Camp, Jennifer says, is a place where kids can make friends — sometimes from far-away towns — but it’s also an out-of-the-ordinary place that encourages independence and healthy risk-taking.

“Throughout the year, regardless of the challenges in their lives, kids are not taking as many risks as when they spend a week at camp and jump on a zip line,” Jennifer says. “It’s a sense of accomplishment. It’s a sense of overcoming fears and building skills for the future. Being able to be outside and look up and see stars or feel rain on yourself, looking at leaves on a tree and then making a craft project out of them — all of those things help build a resilience in a child they didn’t have when they came to camp.”

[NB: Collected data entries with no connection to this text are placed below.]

(* The last summand discards the estimate for the term at q itself, which the
   deletion removes. *)
Lemma row_gain_del p q : p != q -> e p q ->
  gain (toggle e p q) p q + (2 * (deg e p)%:Z - 1) *
    ((indegF e p)%:Z + (undegF p)%:Z - (outdegF e p)%:Z
     - (if (deg e q < deg e p)%N then -1 else 1))
  <= row_gain (toggle e p q) p.
Proof.
move=> pq epq.
pose c b := (2 * (deg e p)%:Z - 1) *
  (b2i (arcF e b p) + b2i (e p b && (deg e b == deg e p)) - b2i (arcF e p b)).
have sum_c : \sum_b c b =
    (2 * (deg e p)%:Z - 1) * ((indegF e p)%:Z + (undegF p)%:Z - (outdegF e p)%:Z).
  by rewrite -mulr_sumr sumrB big_split /= /outdegF /indegF /undegF !card_set_sum_b2i.
have cp : c p = 0 by rewrite /c /arcF hie /= subrr mulr0.
have cq : c q = (2 * (deg e p)%:Z - 1) * (if (deg e q < deg e p)%N then -1 else 1).
  rewrite /c /arcF (hse q p) epq /= /b2i.
  by case: (ltngtP (deg e q) (deg e p)) => _ /=; lia.
have dp_gt0 : (0 < deg e p)%N by apply/card_gt0P; exists q; rewrite inE.
have term_ge b : b != p -> b != q -> c b <= gain (toggle e p q) p b.
  move=> bp bq; rewrite /c /gain /cM2_term (toggle_pb e pq bq).
  rewrite (deg_toggle_away e bp bq) (deg_toggle_p e pq) epq /arcF (hse b p).
  by case: (e p b) => /=; [exact: natdist_sq_pred_ge | rewrite !subrr mulr0].
have := ler_sum_off_pair pq term_ge.
rewrite cp cq gain_toggle_diag // sum_c /row_gain; lia.
Qed.

Lemma inNbF_subset p q : (deg e q <= deg e p)%N ->
  (forall w, arcF e w p -> e q w) -> inNbF e p \subset inNbF e q.
Proof.
move=> qp sub; apply/subsetP => w; rewrite !inE => wp.
have [_ dpw] := andP wp.
by rewrite /arcF hse sub //=; apply: leq_ltn_trans dpw.
Qed.

Lemma cM2_toggle_add_gt p q : p != q -> ~~ e p q ->
  p \in Xset e -> q \in Xset e -> deg e p != deg e q ->
  (cM2 e < cM2 (toggle e p q))%N.
Proof.
move=> pq epq pX qX dpq.
have qp : q != p by rewrite eq_sym.
have eqp : ~~ e q p by rewrite hse.
have row_p := row_gain_add pq epq pX.
have row_q := row_gain_add qp eqp qX; rewrite gain_toggle_swap // in row_q.
have gain_pq : 0 < gain (toggle e p q) p q.
  rewrite /gain /cM2_term (toggle_pq e) (negbTE epq) /= (deg_toggle_p e pq).
  rewrite (deg_toggleC e p q q) (deg_toggle_p e qp) (negbTE epq) (negbTE eqp).
  rewrite /natdist -!mulnn; move: dpq.
  by case: (ltngtP (deg e p) (deg e q)) => // h _; have := leq_mul h h; nia.
have := cM2_toggle_diff pq; lia.
Qed.
(* Let $m,n\geq 1$ and let $\mathcal{B}$ be the $\mathbb{C}$-linear braided rigid monoidal category described in the context, with parameters $\alpha,\beta,\kappa,\kappa'\in\mathbb{C}$. In $\mathrm{End}_{\mathcal{B}}(V_{m,n})$, $V_{m,n}=(X^* )^{\otimes m}\otimes X^{\otimes n}$, define elements $J^{(n)}_1,\dots,J^{(n)}_{m+n}$ by $$J^{(n)}_1=1,\qquad J^{(n)}_i=(-\alpha\beta)^{-1}h_{n+1-i}\,J^{(n)}_{i-1}\,h_{n+1-i}\quad(2\leq i\leq n),$$ $$J^{(n)}_{n+1}=(-\alpha\beta)^{n}\,\mathrm{id}_{(X^* )^{\otimes(m-1)}}\otimes\bigl(c_{X^{\otimes n},X^*}\circ c_{X^*,X^{\otimes n}}\bigr)$$ (the double braiding of the black factor $1'$ with all $n$ white factors), and $$J^{(n)}_{n+j}=(-\alpha\beta)^{-1}g_{j-1}\,J^{(n)}_{n+j-1}\,g_{j-1}\quad(2\leq j\leq m).$$ Then every $J^{(n)}_j$, $j=2,\dots,m+n$, lies in the quantum walled Brauer algebra $\mathrm{qwB}_{m,n}$, i.e. in the subalgebra of $\mathrm{End}_{\mathcal{B}}(V_{m,n})$ generated by $g_1,\dots,g_{m-1}$, $E$, $h_1,\dots,h_{n-1}$.
   Context: $\mathcal{B}$ is the $\mathbb{C}$-linear strict monoidal braided category whose objects are finite tensor words in two objects $X$ (''white'') and $X^*$ (''black''), with braiding $c_{A,B}:A\otimes B\to B\otimes A$, and with duality morphisms $\mathrm{ev}_{\bullet\circ}:X^*\otimes X\to\mathbf 1$, $\mathrm{ev}_{\circ\bullet}:X\otimes X^*\to\mathbf 1$, $\mathrm{coev}_{\bullet\circ}:\mathbf 1\to X^*\otimes X$, $\mathrm{coev}_{\circ\bullet}:\mathbf 1\to X\otimes X^*$ satisfying the zigzag identities (morphisms are linear combinations of tangles modulo isotopy), subject to the relations: $c_{X,X}^2=-\alpha\beta\,\mathrm{id}+(\alpha+\beta)c_{X,X}$; $c_{X,X^*}\circ\mathrm{coev}_{\circ\bullet}=\kappa\,\mathrm{coev}_{\bullet\circ}$; $c_{X^*,X}\circ\mathrm{coev}_{\bullet\circ}=\kappa'\,\mathrm{coev}_{\circ\bullet}$; $\mathrm{ev}_{\circ\bullet}\circ\mathrm{coev}_{\circ\bullet}=\frac{\theta+1}{\kappa'(\alpha+\beta)}$, $\mathrm{ev}_{\bullet\circ}\circ\mathrm{coev}_{\bullet\circ}=\frac{\theta+1}{\kappa(\alpha+\beta)}$, where $\theta=\alpha\beta\kappa\kappa'$. The tensor factors of $V_{m,n}=(X^* )^{\otimes m}\otimes X^{\otimes n}$ are labelled from left to right $m',\dots,2',1',1,2,\dots,n$ (numbered outward from the ''wall'' between black and white factors). Generators: $g_j$ ($1\le j\le m-1$) is $c_{X^*,X^*}$ acting on factors $(j+1)',j'$ tensored with identities; $h_i$ ($1\le i\le n-1$) is $c_{X,X}$ acting on factors $i,i+1$ tensored with identities; $E=\mathrm{id}_{(X^* )^{\otimes(m-1)}}\otimes(\mathrm{coev}_{\bullet\circ}\circ\mathrm{ev}_{\bullet\circ})\otimes\mathrm{id}_{X^{\otimes(n-1)}}$ acting on factors $1',1$. *)

From HB Require Import structures.
From mathcomp Require Import all_boot all_algebra.
From mathcomp Require Import complex.
From mathcomp Require Import Rstruct.

Set Implicit Arguments.
Unset Strict Implicit.
Unset Printing Implicit Defensive.

Import GRing.Theory.
Local Open Scope ring_scope.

Jennifer is touring MDA Summer Camps across the country this summer. She says she’ll be looking for commonalities to build upon so each child at every MDA camp can strive to have the same confidence-building outcome. Activities from camp to camp may be different, she says, but the programs can be consistently facilitated.

“There are some really deep developmental and educationally sound principles you want the activities to have,” Jennifer says, “but are the activities related to the outcome?”

Jennifer and her team will bolster the camp experience, too, by brainstorming new ways to raise funds and to expand the camp volunteer family.

Ultimately, she says, the goal is to create a memorable sense of self-reliance campers carry back with them into their day-to-day lives.

Jennifer and her husband, center, with 24-year-old twin daughters Katherine, on the left, and Elizabeth, on the right.

“Everyone has challenges in their life as a child and as a teenager,” Jennifer says. “Growing up, despite some challenges, I got to go to camp in the summer and it helped me put into perspective very complex issues. I looked forward to those weeks of summer camp because they let 8-year-old Jennifer or 13-year-old Jennifer or 17-year-old Jennifer be a different Jennifer than what I had to be at home. For one week or two weeks, I got to be someone who learned to be the self I could be.

“Give us a try,” she says to potential campers and families considering MDA Summer Camp, “because once you try it, you’re going to count down the weeks and days until you come back. It’s an experience like no other.”